■ **Supplied records**
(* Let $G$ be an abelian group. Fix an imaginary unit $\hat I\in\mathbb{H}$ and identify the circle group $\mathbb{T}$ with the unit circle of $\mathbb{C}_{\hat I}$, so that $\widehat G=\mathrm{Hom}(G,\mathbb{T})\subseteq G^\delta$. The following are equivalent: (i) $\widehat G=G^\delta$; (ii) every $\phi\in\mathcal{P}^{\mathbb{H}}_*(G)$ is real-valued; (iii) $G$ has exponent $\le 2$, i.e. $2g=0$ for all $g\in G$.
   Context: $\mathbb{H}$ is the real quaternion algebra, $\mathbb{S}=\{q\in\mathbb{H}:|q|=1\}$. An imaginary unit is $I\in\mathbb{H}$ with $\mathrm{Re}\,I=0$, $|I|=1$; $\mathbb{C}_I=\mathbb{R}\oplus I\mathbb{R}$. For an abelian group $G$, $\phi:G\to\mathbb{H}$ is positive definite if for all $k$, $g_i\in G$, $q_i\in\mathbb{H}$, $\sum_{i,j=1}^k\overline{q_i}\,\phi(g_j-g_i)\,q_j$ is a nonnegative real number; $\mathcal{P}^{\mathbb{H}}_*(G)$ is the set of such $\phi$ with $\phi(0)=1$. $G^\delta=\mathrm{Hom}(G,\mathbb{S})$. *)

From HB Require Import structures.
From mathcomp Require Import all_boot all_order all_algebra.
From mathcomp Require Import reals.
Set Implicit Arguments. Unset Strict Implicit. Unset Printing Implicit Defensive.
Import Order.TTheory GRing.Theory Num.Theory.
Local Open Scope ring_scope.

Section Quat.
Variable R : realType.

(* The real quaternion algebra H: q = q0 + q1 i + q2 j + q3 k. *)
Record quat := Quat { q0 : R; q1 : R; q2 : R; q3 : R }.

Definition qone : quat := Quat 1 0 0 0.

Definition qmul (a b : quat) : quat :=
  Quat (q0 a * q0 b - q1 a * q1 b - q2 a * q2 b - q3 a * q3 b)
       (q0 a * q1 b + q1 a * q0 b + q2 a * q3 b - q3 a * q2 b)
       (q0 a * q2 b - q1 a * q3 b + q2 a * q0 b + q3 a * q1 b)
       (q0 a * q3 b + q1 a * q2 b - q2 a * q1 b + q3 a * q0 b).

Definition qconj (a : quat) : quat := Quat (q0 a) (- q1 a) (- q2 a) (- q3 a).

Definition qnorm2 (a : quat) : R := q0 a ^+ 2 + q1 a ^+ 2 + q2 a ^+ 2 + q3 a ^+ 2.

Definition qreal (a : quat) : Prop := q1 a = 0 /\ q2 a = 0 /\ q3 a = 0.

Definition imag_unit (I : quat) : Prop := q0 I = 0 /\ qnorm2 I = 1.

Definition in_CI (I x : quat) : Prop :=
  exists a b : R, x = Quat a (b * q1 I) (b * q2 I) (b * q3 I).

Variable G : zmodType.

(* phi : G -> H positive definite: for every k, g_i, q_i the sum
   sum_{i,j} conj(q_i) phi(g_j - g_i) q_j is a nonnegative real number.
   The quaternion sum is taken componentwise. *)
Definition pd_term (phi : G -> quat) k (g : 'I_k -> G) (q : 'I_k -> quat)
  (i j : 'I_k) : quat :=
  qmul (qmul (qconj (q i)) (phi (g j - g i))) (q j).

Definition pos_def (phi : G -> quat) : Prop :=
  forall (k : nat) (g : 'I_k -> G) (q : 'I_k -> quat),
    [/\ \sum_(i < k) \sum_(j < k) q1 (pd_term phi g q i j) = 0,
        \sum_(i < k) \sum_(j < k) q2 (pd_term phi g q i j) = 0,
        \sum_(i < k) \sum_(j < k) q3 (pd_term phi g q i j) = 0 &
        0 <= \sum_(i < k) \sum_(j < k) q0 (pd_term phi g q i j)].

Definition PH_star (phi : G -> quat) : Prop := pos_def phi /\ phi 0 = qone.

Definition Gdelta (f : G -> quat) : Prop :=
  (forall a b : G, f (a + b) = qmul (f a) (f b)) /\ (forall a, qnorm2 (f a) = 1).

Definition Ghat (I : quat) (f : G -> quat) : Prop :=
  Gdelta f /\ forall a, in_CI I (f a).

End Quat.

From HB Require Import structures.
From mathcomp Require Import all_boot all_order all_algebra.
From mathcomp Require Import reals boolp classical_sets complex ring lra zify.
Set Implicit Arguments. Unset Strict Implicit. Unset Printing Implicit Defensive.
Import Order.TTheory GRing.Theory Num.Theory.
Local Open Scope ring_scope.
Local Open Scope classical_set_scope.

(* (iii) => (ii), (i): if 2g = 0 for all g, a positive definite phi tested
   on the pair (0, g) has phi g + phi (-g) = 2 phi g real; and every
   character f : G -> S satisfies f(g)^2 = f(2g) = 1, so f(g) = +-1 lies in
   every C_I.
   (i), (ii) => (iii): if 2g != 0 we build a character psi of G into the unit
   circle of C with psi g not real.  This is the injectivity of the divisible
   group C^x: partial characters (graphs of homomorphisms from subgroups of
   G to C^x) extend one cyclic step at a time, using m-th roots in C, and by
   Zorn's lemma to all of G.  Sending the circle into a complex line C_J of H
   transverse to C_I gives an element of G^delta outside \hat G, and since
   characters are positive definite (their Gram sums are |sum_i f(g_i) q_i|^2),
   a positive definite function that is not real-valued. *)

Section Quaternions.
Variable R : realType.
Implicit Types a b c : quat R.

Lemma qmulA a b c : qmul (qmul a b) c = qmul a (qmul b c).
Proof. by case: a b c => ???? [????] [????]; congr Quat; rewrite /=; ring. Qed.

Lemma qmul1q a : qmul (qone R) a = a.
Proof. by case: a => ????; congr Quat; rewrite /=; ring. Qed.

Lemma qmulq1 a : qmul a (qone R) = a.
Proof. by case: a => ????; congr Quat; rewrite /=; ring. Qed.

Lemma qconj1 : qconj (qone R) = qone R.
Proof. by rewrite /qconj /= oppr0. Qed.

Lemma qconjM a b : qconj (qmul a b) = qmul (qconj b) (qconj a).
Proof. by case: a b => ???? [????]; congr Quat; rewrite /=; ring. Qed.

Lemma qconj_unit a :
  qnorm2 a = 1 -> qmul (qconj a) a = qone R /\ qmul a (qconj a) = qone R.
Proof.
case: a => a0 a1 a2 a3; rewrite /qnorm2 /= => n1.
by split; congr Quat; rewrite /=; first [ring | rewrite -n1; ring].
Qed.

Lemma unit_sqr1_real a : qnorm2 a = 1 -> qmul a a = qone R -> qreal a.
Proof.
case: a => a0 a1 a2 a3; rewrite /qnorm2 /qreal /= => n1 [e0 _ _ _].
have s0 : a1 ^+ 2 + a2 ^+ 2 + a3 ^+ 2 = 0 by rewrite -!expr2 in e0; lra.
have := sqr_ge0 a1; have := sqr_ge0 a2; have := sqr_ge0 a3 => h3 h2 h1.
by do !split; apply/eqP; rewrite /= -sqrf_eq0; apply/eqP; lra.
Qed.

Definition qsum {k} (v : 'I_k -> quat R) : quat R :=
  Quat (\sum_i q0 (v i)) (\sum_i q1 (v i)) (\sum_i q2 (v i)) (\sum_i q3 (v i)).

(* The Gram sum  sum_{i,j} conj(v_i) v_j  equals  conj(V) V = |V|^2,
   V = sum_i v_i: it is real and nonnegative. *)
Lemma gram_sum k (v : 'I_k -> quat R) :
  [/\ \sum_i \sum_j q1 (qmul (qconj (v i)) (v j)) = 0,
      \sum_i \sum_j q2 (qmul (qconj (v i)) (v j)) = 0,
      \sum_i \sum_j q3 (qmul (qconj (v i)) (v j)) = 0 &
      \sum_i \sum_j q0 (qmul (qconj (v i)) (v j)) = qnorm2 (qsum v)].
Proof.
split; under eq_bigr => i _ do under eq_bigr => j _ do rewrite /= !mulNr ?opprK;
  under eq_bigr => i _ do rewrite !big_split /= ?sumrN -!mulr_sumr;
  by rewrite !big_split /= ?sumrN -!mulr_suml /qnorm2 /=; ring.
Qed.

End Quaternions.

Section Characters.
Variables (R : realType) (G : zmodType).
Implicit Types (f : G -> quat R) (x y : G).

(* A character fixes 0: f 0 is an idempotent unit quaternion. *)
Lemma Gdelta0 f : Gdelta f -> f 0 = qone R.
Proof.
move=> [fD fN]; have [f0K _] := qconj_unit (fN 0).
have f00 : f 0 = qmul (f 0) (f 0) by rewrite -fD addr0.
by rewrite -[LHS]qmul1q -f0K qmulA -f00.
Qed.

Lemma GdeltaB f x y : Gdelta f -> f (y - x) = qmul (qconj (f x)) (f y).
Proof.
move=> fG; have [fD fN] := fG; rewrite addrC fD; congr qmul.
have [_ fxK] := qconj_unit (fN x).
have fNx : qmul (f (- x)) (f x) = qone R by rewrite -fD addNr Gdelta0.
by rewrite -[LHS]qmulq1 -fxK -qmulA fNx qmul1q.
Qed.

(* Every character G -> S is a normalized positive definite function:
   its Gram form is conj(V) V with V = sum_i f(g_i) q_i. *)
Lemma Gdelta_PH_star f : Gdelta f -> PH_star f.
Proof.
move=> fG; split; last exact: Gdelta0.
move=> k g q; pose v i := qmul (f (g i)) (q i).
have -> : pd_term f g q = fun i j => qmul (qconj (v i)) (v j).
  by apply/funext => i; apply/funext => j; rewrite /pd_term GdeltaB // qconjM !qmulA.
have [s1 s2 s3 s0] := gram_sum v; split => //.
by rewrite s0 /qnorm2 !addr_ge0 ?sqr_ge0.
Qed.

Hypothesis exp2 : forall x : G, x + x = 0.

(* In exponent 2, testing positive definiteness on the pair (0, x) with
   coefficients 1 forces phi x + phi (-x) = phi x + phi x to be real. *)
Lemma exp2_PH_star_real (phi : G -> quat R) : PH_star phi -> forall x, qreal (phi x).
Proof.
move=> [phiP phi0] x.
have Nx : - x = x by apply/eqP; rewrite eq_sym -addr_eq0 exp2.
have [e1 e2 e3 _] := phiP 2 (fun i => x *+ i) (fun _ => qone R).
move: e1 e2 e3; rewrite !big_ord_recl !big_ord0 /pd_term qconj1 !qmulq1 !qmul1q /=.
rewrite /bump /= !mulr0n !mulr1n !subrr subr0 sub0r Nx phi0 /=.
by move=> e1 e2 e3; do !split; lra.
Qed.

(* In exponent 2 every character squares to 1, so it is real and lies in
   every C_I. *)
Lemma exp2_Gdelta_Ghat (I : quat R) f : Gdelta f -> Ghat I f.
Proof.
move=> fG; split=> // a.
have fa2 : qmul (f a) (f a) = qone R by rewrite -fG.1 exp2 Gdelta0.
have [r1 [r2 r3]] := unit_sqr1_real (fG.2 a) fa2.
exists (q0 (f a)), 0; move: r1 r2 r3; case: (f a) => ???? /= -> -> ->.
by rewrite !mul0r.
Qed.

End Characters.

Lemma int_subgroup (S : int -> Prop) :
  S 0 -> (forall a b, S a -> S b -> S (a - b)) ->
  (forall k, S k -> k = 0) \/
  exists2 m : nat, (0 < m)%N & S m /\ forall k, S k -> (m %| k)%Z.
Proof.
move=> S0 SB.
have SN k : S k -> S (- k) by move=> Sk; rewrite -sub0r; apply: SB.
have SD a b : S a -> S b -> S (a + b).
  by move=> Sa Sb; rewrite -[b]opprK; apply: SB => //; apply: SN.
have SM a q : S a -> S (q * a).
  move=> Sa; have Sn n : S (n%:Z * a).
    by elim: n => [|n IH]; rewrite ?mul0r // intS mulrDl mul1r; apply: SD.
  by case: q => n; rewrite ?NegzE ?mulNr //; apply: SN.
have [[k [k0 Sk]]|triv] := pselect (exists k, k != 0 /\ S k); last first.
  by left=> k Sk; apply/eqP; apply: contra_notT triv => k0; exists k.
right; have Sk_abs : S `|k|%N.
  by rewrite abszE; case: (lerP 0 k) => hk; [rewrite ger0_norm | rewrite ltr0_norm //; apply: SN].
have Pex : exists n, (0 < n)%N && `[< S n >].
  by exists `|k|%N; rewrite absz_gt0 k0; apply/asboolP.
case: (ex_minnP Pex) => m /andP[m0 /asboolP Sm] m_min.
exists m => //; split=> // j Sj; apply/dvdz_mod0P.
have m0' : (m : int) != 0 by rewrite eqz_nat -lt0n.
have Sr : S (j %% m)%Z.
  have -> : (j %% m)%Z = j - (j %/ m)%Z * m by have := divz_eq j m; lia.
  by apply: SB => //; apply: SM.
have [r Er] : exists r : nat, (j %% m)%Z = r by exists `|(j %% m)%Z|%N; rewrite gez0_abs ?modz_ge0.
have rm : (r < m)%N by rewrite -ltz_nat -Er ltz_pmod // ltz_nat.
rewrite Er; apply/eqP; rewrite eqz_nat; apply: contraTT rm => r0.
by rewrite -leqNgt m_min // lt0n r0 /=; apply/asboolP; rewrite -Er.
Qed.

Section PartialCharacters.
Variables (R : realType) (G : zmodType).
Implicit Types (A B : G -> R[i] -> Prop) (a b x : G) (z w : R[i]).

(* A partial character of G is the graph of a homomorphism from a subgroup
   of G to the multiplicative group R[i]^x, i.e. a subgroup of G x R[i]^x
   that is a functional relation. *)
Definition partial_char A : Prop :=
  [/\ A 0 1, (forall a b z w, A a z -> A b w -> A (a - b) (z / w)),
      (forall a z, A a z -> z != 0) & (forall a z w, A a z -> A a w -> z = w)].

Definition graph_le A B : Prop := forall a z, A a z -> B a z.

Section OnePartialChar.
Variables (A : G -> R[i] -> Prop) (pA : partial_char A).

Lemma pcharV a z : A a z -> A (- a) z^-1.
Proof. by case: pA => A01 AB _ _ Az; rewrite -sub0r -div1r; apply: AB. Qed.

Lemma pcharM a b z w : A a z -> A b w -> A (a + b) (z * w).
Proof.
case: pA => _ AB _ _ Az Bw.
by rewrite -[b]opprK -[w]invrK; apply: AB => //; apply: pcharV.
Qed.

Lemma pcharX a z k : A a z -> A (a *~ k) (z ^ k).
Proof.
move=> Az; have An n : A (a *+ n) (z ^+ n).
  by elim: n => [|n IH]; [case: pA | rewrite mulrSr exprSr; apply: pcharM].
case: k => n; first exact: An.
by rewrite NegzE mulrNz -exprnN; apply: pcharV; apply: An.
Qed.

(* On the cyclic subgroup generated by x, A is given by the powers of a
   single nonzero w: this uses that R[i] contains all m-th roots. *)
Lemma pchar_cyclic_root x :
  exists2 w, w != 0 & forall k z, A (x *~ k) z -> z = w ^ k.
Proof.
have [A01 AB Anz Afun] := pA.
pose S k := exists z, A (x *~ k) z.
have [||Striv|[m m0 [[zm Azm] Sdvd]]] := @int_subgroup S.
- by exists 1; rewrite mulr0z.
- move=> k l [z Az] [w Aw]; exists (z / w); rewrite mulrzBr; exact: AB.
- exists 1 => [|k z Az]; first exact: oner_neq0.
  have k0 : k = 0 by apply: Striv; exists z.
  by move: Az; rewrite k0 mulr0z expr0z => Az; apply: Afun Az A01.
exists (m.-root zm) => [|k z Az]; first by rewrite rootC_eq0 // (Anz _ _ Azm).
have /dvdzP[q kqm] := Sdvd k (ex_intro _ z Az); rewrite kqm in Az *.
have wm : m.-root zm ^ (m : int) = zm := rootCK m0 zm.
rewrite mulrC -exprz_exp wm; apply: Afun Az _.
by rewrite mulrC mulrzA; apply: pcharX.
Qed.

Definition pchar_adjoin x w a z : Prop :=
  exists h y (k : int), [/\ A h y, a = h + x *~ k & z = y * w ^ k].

■ **Task to complete**
In the listing above, find the line with "move=> fG; have" and the line with "move=> k g q;", then reproduce both and every line between them exactly.

■ **Written solution**
move=> fG; have [fD fN] := fG; rewrite addrC fD; congr qmul.
have [_ fxK] := qconj_unit (fN x).
have fNx : qmul (f (- x)) (f x) = qone R by rewrite -fD addNr Gdelta0.
by rewrite -[LHS]qmulq1 -fxK -qmulA fNx qmul1q.
Qed.

(* Every character G -> S is a normalized positive definite function:
   its Gram form is conj(V) V with V = sum_i f(g_i) q_i. *)
Lemma Gdelta_PH_star f : Gdelta f -> PH_star f.
Proof.
move=> fG; split; last exact: Gdelta0.
move=> k g q; pose v i := qmul (f (g i)) (q i).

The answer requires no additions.